Tris and Smithy appear over the sand dunes, heading back. Diana is embarrassed to find that she is relieved, as if she really thought Smithy would not be sufficiently careful. Then she talks fast. “When Cheryl knows what you have, when you show her those photographs, when she sees there is proof of what she did—you can never let Tris be alone with her again. You can’t be alone with her either. Think of every cop show you’ve ever seen. People who murder once find it easy to murder twice. And you can’t discuss this in the morning. In the morning she’ll be in control again, and you’ll just be kids under her roof. Starting tonight, it has to be your roof. You have to make it clear that she has no
choice except to leave. And not only does she have to leave tonight, she has to leave without a scene. Because in the Fountain family history, scenes bring television crews.”

*   *   *

The sun is gone.

The day is done.

They have two cars, a bike and no car seat.

They have a plan, which has little chance of working, but it’s all they can come up with. If Cheryl is alone, maybe they can pull it off. But if Angus or the crew is there, they are crippled. “TV is like an occupying army,” says Madison. “We’ll never get them out.”

“A TV crew has to be paid,” argues Jack. “Since we never came home to be filmed and since there are probably breaking stories to cover, they’re long gone.” Jack is lying faceup on the backseat of Diana’s car, with Tris lying facedown on top of him. Tris has distributed his gifts of shells and pebbles and is sleepy again. He’s not quite out. Jack rubs his back. Please go to sleep.

“Even so, Angus might still be around. And Gwen,” says Madison.

“It’s four-thirty on Friday. I bet they want their weekend as much as anybody. I bet they’re gone.”

“I’ll call and ask,” says Diana. She dials the Fountain house phone. No one answers. Cheryl never lets a phone go unanswered. “It’s weird she’s not home.”
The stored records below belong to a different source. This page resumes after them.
Lemma det_weighted_redheffer n :
  \det (weighted_redheffer n.+1) = (\prod_(i < n.+1) f i.+1) * mobius_sum n.+1.
Proof.
set A := weighted_redheffer n.+1; set B := mobius_elim n *m A.
have detB : \det B = (f 1)^-1 * \det A by rewrite det_mulmx det_mobius_elim.
have minor_trig : is_trig_mx (row' ord0 (col' ord0 B))^T.
  apply/is_trig_mxP => i j lt_ij; rewrite 3!mxE mobius_elim_mul_lift !mxE /=.
  by case: ifP => // /(dvdn_leq (ltn0Sn _)); rewrite !ltnS leqNgt lt_ij.
have detB_expand : \det B = mobius_sum n.+1 * \prod_(i < n) f i.+2.
  rewrite (expand_det_row B ord0) big_ord_recl big1 => [|j _]; last first.
    by rewrite mobius_elim_mul_row0 mul0r mul0r.
  rewrite mobius_elim_mul_row0 eqxx mul1r addr0 /cofactor expr0 mul1r.
  rewrite -det_tr det_trig //; congr (_ * _); apply: eq_bigr => i _.
  by rewrite 3!mxE mobius_elim_mul_lift !mxE /= dvdnn.
apply: (mulfI (invr_neq0 (f_neq0 0))); rewrite -detB detB_expand big_ord_recl.
by rewrite -mulrA mulKf ?f_neq0 // mulrC.
Qed.

End WeightedRedheffer.

Lemma fibRedhefferE (R : fieldType) n :
  fibRedheffer R n = weighted_redheffer (fun k => (fib k)%:R) n.
Proof. by []. Qed.

Lemma fib_gt0 k : (0 < fib k.+1)%N.
Proof. by elim: k => // -[|k] IHk //=; rewrite ltn_addr. Qed.

Lemma fib_binet (R : comPzRingType) (x y : R) k :
  x ^+ 2 = x + 1 -> x + y = 1 -> (x - y) * (fib k)%:R = x ^+ k - y ^+ k.
Proof.
move=> x_sqr xy1; have y_eq : y = 1 - x by rewrite -xy1 addrC addKr.
have y_sqr : y ^+ 2 = y + 1 by rewrite y_eq sqrrB x_sqr; ring.
suff : (x - y) * (fib k)%:R = x ^+ k - y ^+ k /\
       (x - y) * (fib k.+1)%:R = x ^+ k.+1 - y ^+ k.+1 by case.
elim: k => [|k [IHk IHk1]]; first by rewrite mulr0 !expr0 subrr mulr1 !expr1.
split=> //; have -> : fib k.+2 = (fib k.+1 + fib k)%N by [].
rewrite natrD mulrDr IHk1 IHk.
by rewrite -[k.+2]addn2 -[k.+1]addn1 !exprD x_sqr y_sqr !expr1; ring.
Qed.

Lemma fib_ge_pow (R : realFieldType) n : (3/2) ^+ n <= (fib n.+2)%:R :> R.
Proof.
suff : (3/2) ^+ n <= (fib n.+2)%:R :> R /\ (3/2) ^+ n.+1 <= (fib n.+3)%:R :> R by case.
elim: n => [|n [IHn IHn1]]; first by rewrite expr0 expr1 /=; lra.
split=> //; have -> : fib n.+4 = (fib n.+3 + fib n.+2)%N by [].
have pow_ge0 : 0 <= (3/2) ^+ n :> R by rewrite exprn_ge0 //; lra.
by rewrite natrD !exprS in IHn1 *; nra.
Qed.

Lemma triangular_sum n : (\sum_(i < n) i.+1)%N = (n * n.+1)./2.
Proof.
rewrite -(big_mkord xpredT succn) -[LHS]add0n -(big_nat_recl n 0 id) //.
by rewrite bin2_sum bin2 mulnC.
Qed.

Lemma cvgn_geometric_increments (R : realType) (V : completeNormedModType R)
    (u : V ^nat) (M r : R) :
  0 <= r < 1 -> (forall n, `|u n.+1 - u n| <= M * r ^+ n) -> cvgn u.
Proof.
move=> /andP[r_ge0 r_lt1] du_le.
have M_ge0 : 0 <= M by have := du_le 0%N; rewrite expr0 mulr1; apply: le_trans.
have -> : u = (fun n => u 0%N + series (telescope u) n).
  by apply/funext => n; exact: eq_sum_telescope.
apply: is_cvgD; first exact: is_cvg_cst.
apply: normed_cvg; apply: (@series_le_cvg _ _ (geometric M r)).
- by move=> n; exact: normr_ge0.
- by move=> n; exact: geometric_ge0.
- exact: du_le.
- by apply: is_cvg_geometric_series; rewrite ger0_norm.
Qed.

Lemma cvg_limn_mul_ratio (R : realType) (u v : R ^nat) :
  cvgn u -> cvgn v -> limn u * limn v != 0 ->
  (fun n => limn u * limn v / (u n * v n)) @ \oo --> (1 : R).
Proof.
move=> u_cvg v_cvg uv_neq0; rewrite -(mulfV uv_neq0).
apply: cvgM; first exact: cvg_cst.
by apply: cvgV => //; apply: cvgM.
Qed.

Lemma prod_one_sub_ge (R : realDomainType) (a : nat -> R) n :
  (forall i, 0 <= a i <= 1) -> 1 - \sum_(i < n) a i <= \prod_(i < n) (1 - a i).
Proof.
move=> a01; elim: n => [|n IHn]; first by rewrite !big_ord0 subr0.
have a01_ge0 i : 0 <= 1 - a i by have := a01 i; rewrite subr_ge0 => /andP[].
have P_ge0 : 0 <= \prod_(i < n) (1 - a i) by apply: prodr_ge0.
have P_le1 : \prod_(i < n) (1 - a i) <= 1.
  by apply: prodr_ile1 => i _; have := a01 i; rewrite a01_ge0 gerBl => /andP[].
have /andP[an_ge0 an_le1] := a01 n.
rewrite !big_ord_recr /=; nra.
Qed.

Lemma sum_geometric_le (R : realFieldType) (q : R) m n :
  0 <= q < 1 -> \sum_(i < n) q ^+ (i + m) <= q ^+ m / (1 - q).
Proof.
move=> /andP[q_ge0 q_lt1]; rewrite ler_pdivlMr ?subr_gt0 //.
have geom : (\sum_(i < n) q ^+ (i + m)) * (1 - q) = q ^+ m * (1 - q ^+ n).
  under eq_bigr do rewrite exprD mulrC.
  rewrite -mulr_sumr -mulrA; congr (_ * _).
  by rewrite -[RHS]opprB subrX1 -mulNr opprB mulrC.
rewrite geom ler_piMr ?exprn_ge0 // gerBl exprn_ge0 //.
Qed.

Definition qpochhammer (R : pzRingType) (b : R) n : R := \prod_(i < n) (1 - b ^+ i.+1).

Lemma qpochhammer_bounds (R : realFieldType) (q : R) n :
  0 <= q <= 2/5 -> 1/3 <= qpochhammer (- q) n <= 3.
Proof.
move=> /andP[q_ge0 q_le]; rewrite /qpochhammer.
have qX01 k : 0 <= q ^+ k <= 1 by rewrite exprn_ge0 // exprn_ile1 //; lra.
have NqX k : - q ^+ k <= (- q) ^+ k <= q ^+ k.
  by rewrite -ler_norml normrX normrN ger0_norm.
have sum_le : \sum_(i < n) q ^+ i.+1 <= 2/3.
  under eq_bigr do rewrite -addn1.
  apply: le_trans (sum_geometric_le 1 n _) _; first by apply/andP; split; lra.
  by rewrite expr1 ler_pdivrMr; lra.
have prod_ge : 1/3 <= \prod_(i < n) (1 - q ^+ i.+1).
  by apply: le_trans (prod_one_sub_ge n (fun i => qX01 i.+1)); lra.
have prod_le : \prod_(i < n) (1 + q ^+ i.+1) * \prod_(i < n) (1 - q ^+ i.+1) <= 1.
  by rewrite -big_split; apply: prodr_ile1 => i _ /=; have := qX01 i.+1; nra.
have lb : \prod_(i < n) (1 - q ^+ i.+1) <= \prod_(i < n) (1 - (- q) ^+ i.+1).
  by apply: ler_prod => i _; have := NqX i.+1; have := qX01 i.+1; lra.
have ub : \prod_(i < n) (1 - (- q) ^+ i.+1) <= \prod_(i < n) (1 + q ^+ i.+1).
  by apply: ler_prod => i _; have := NqX i.+1; have := qX01 i.+1; lra.
apply/andP; split; nra.
Qed.

Section QPochhammerLimit.
Variables (R : realType) (q : R).
Hypothesis q_bounds : 0 <= q <= 2/5.

Lemma cvgn_qpochhammer : cvgn (qpochhammer (- q)).
Proof.
have /andP[q_ge0 q_le] := q_bounds.
apply: (@cvgn_geometric_increments _ _ _ 3 q) => [|n]; first by apply/andP; split; lra.
rewrite {1}/qpochhammer big_ord_recr /= -/(qpochhammer (- q) n).
rewrite mulrBr mulr1 addrAC subrr add0r normrN normrM normrX normrN (ger0_norm q_ge0).
have /andP[P_ge P_le] := qpochhammer_bounds n q_bounds.
rewrite ger0_norm ?exprS ?mulrA; last lra.
have : qpochhammer (- q) n * q <= 3 by nra.
have := exprn_ge0 n q_ge0; nra.
Qed.

Lemma limn_qpochhammer_ge : 1/3 <= limn (qpochhammer (- q)).
Proof.
apply: (cvgr_to_ge cvgn_qpochhammer); apply: nearW => n.
by have /andP[] := qpochhammer_bounds n q_bounds.
Qed.

End QPochhammerLimit.

Section MobiusFibonacciSum.
Variable R : realFieldType.
Local Notation fibR := (fun k => (fib k)%:R : R).

Lemma mobius_fib_term_le n :
  `|(mobius n.+1)%:~R / (fib n.+1)%:R : R| <= 3/2 * (2/3) ^+ n.
Proof.
have fib_inv_le : (fib n.+1)%:R^-1 <= 3/2 * (2/3) ^+ n :> R.
  case: n => [|n]; first by rewrite invr1 expr0; lra.
  rewrite exprS mulrA (_ : 3/2 * (2/3) = 1 :> R) ?mul1r; last by field.
  rewrite -invf_div exprVn lef_pV2 ?posrE ?ltr0n ?fib_gt0 ?fib_ge_pow //
    exprn_gt0 //; lra.
rewrite normrM normfV normr_nat; apply: le_trans fib_inv_le.
by rewrite ler_piMl ?invr_ge0 ?ler0n ?norm_mobius_le1.
Qed.

Lemma mobius_fib_sum_le n : (6 <= n)%N -> mobius_sum fibR n <= -1/10.
Proof.
move=> /subnK <-; set m := (n - 6)%N; rewrite addnC /mobius_sum big_split_ord.
have head6 : \sum_(i < 6) (mobius (lshift m i).+1)%:~R / (fib (lshift m i).+1)%:R
             = -23/40 :> R.
  rewrite !big_ord_recr big_ord0 /=.
  have [-> -> ->] : [/\ mobius 1 = 1, mobius 2 = -1 & mobius 3 = -1] by [].
  have [-> -> ->] : [/\ mobius 4 = 0, mobius 5 = -1 & mobius 6 = 1] by [].
  by field.
have tail : \sum_(i < m) (mobius (rshift 6 i).+1)%:~R / (fib (rshift 6 i).+1)%:R
            <= 3/2 * \sum_(i < m) (2/3) ^+ (i + 6) :> R.
  rewrite mulr_sumr; apply: ler_sum => i _; rewrite (addnC i).
  exact: le_trans (ler_norm _) (mobius_fib_term_le _).
have geom : \sum_(i < m) (2/3 : R) ^+ (i + 6) <= (2/3) ^+ 6 / (1 - 2/3).
  by apply: sum_geometric_le; apply/andP; split; lra.
rewrite (_ : (2/3) ^+ 6 / (1 - 2/3) = 64/243 :> R) in geom; last first.
  by rewrite !exprS expr0; field.
rewrite head6; apply: le_trans (lerD (lexx _) tail) _; lra.
Qed.

End MobiusFibonacciSum.

Section MobiusFibonacciLimit.
Variable R : realType.
Local Notation fibR := (fun k => (fib k)%:R : R).

Lemma cvgn_mobius_fib_sum : cvgn (mobius_sum fibR).
Proof.
apply: (@cvgn_geometric_increments _ _ _ (3/2) (2/3)) => [|n].
  by apply/andP; split; lra.
by rewrite /mobius_sum big_ord_recr /= addrC addrK mobius_fib_term_le.
Qed.

Lemma limn_mobius_fib_sum_le : limn (mobius_sum fibR) <= -1/10.
Proof.
apply: (cvgr_to_le cvgn_mobius_fib_sum); near=> n; apply: mobius_fib_sum_le.
by near: n; exists 6%N.
Unshelve. all: by end_near. Qed.

End MobiusFibonacciLimit.

Section GoldenRatio.
Variable R : realType.
Local Notation phi := (golden R).
Local Notation sqrt5 := (Num.sqrt (5 : R)).

Lemma sqrt5_ge : 11/5 <= sqrt5.
Proof.
have := sqr_sqrtr (ler0n R 5); have := sqrtr_ge0 (5 : R); rewrite expr2; nra.
Qed.

Lemma golden_sqr : phi ^+ 2 = phi + 1.
Proof. by rewrite /golden expr_div_n sqrrD sqr_sqrtr ?ler0n //; field. Qed.

Lemma golden_ge : 8/5 <= phi.
Proof. by have := sqrt5_ge; rewrite /golden; lra. Qed.

Lemma golden_neq0 : phi != 0.
Proof. by apply/eqP; have := golden_ge; lra. Qed.

Lemma golden_invX2_bounds : 0 <= phi ^- 2 <= 2/5.
Proof.
have phi_ge := golden_ge; rewrite invr_ge0 exprn_ge0 /=; last lra.
by rewrite golden_sqr invf_ple ?posrE; lra.
Qed.

Lemma fib_golden k : (fib k)%:R = phi ^+ k / sqrt5 * (1 - (- phi ^- 2) ^+ k).
Proof.
have sqrt5_neq0 : sqrt5 != 0 by apply/eqP; have := sqrt5_ge; lra.
have conj_golden : 1 - phi = phi * (- phi ^- 2).
  apply: (mulfI golden_neq0); rewrite mulrA -expr2 mulrN mulfV ?expf_neq0 ?golden_neq0 //.
  by rewrite mulrBr mulr1 -expr2 golden_sqr; ring.
have := fib_binet k golden_sqr (subrKC phi 1).
rewrite (_ : phi - (1 - phi) = sqrt5) => [binet|]; last by rewrite /golden; field.
apply: (mulfI sqrt5_neq0); rewrite binet conj_golden [(phi * _) ^+ _]exprMn; field.
exact: sqrt5_neq0.
Qed.

Lemma det_fibRedheffer n :
  \det (fibRedheffer R n.+1) =
  phi ^+ (n.+1 * n.+2)./2 / sqrt5 ^+ n.+1 *
  (mobius_sum (fun k => (fib k)%:R) n.+1 * qpochhammer (- phi ^- 2) n.+1).
Proof.
have fib_neq0 k : (fib k.+1)%:R != 0 :> R by rewrite pnatr_eq0 -lt0n fib_gt0.
rewrite fibRedhefferE (det_weighted_redheffer fib_neq0).
under eq_bigr do rewrite fib_golden.
rewrite !big_split [in LHS]/= prodrXr triangular_sum prodr_const card_ord exprVn.
set X := phi ^+ _ / _; rewrite -/(qpochhammer _ _).
by rewrite [RHS]mulrA mulrAC.
Qed.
“Probably out shopping,” says Smithy.

“When all four of you are missing? When she doesn’t know where Tris is and she’s selling herself as the loving aunt?”

“Out for dinner, then,” says Madison. “Angus took her, I bet.”

Jack can’t see that happening. The television producer already owns Cheryl; he doesn’t need to buy her a thing. And it’s early even for early-bird specials. Angus Nicolson seems more like the type to eat dinner at nine o’clock than at four-thirty.

“Maybe they’re at the day care, filming,” offers Smithy.

“No,” says Jack. “We’ve got the star. They’re not going to waste time unless the star is there.” Tris’s breathing is deeper. He doesn’t know he’s the star.

“It doesn’t matter,” says Madison. “In fact, it solves one of our problems. We can get in the house without anybody knowing and we can get started.”

Smithy locks Jack’s bike to a picnic table. If there is anything normal in their lives in the morning, they will come back for it. Smithy rides with Madison.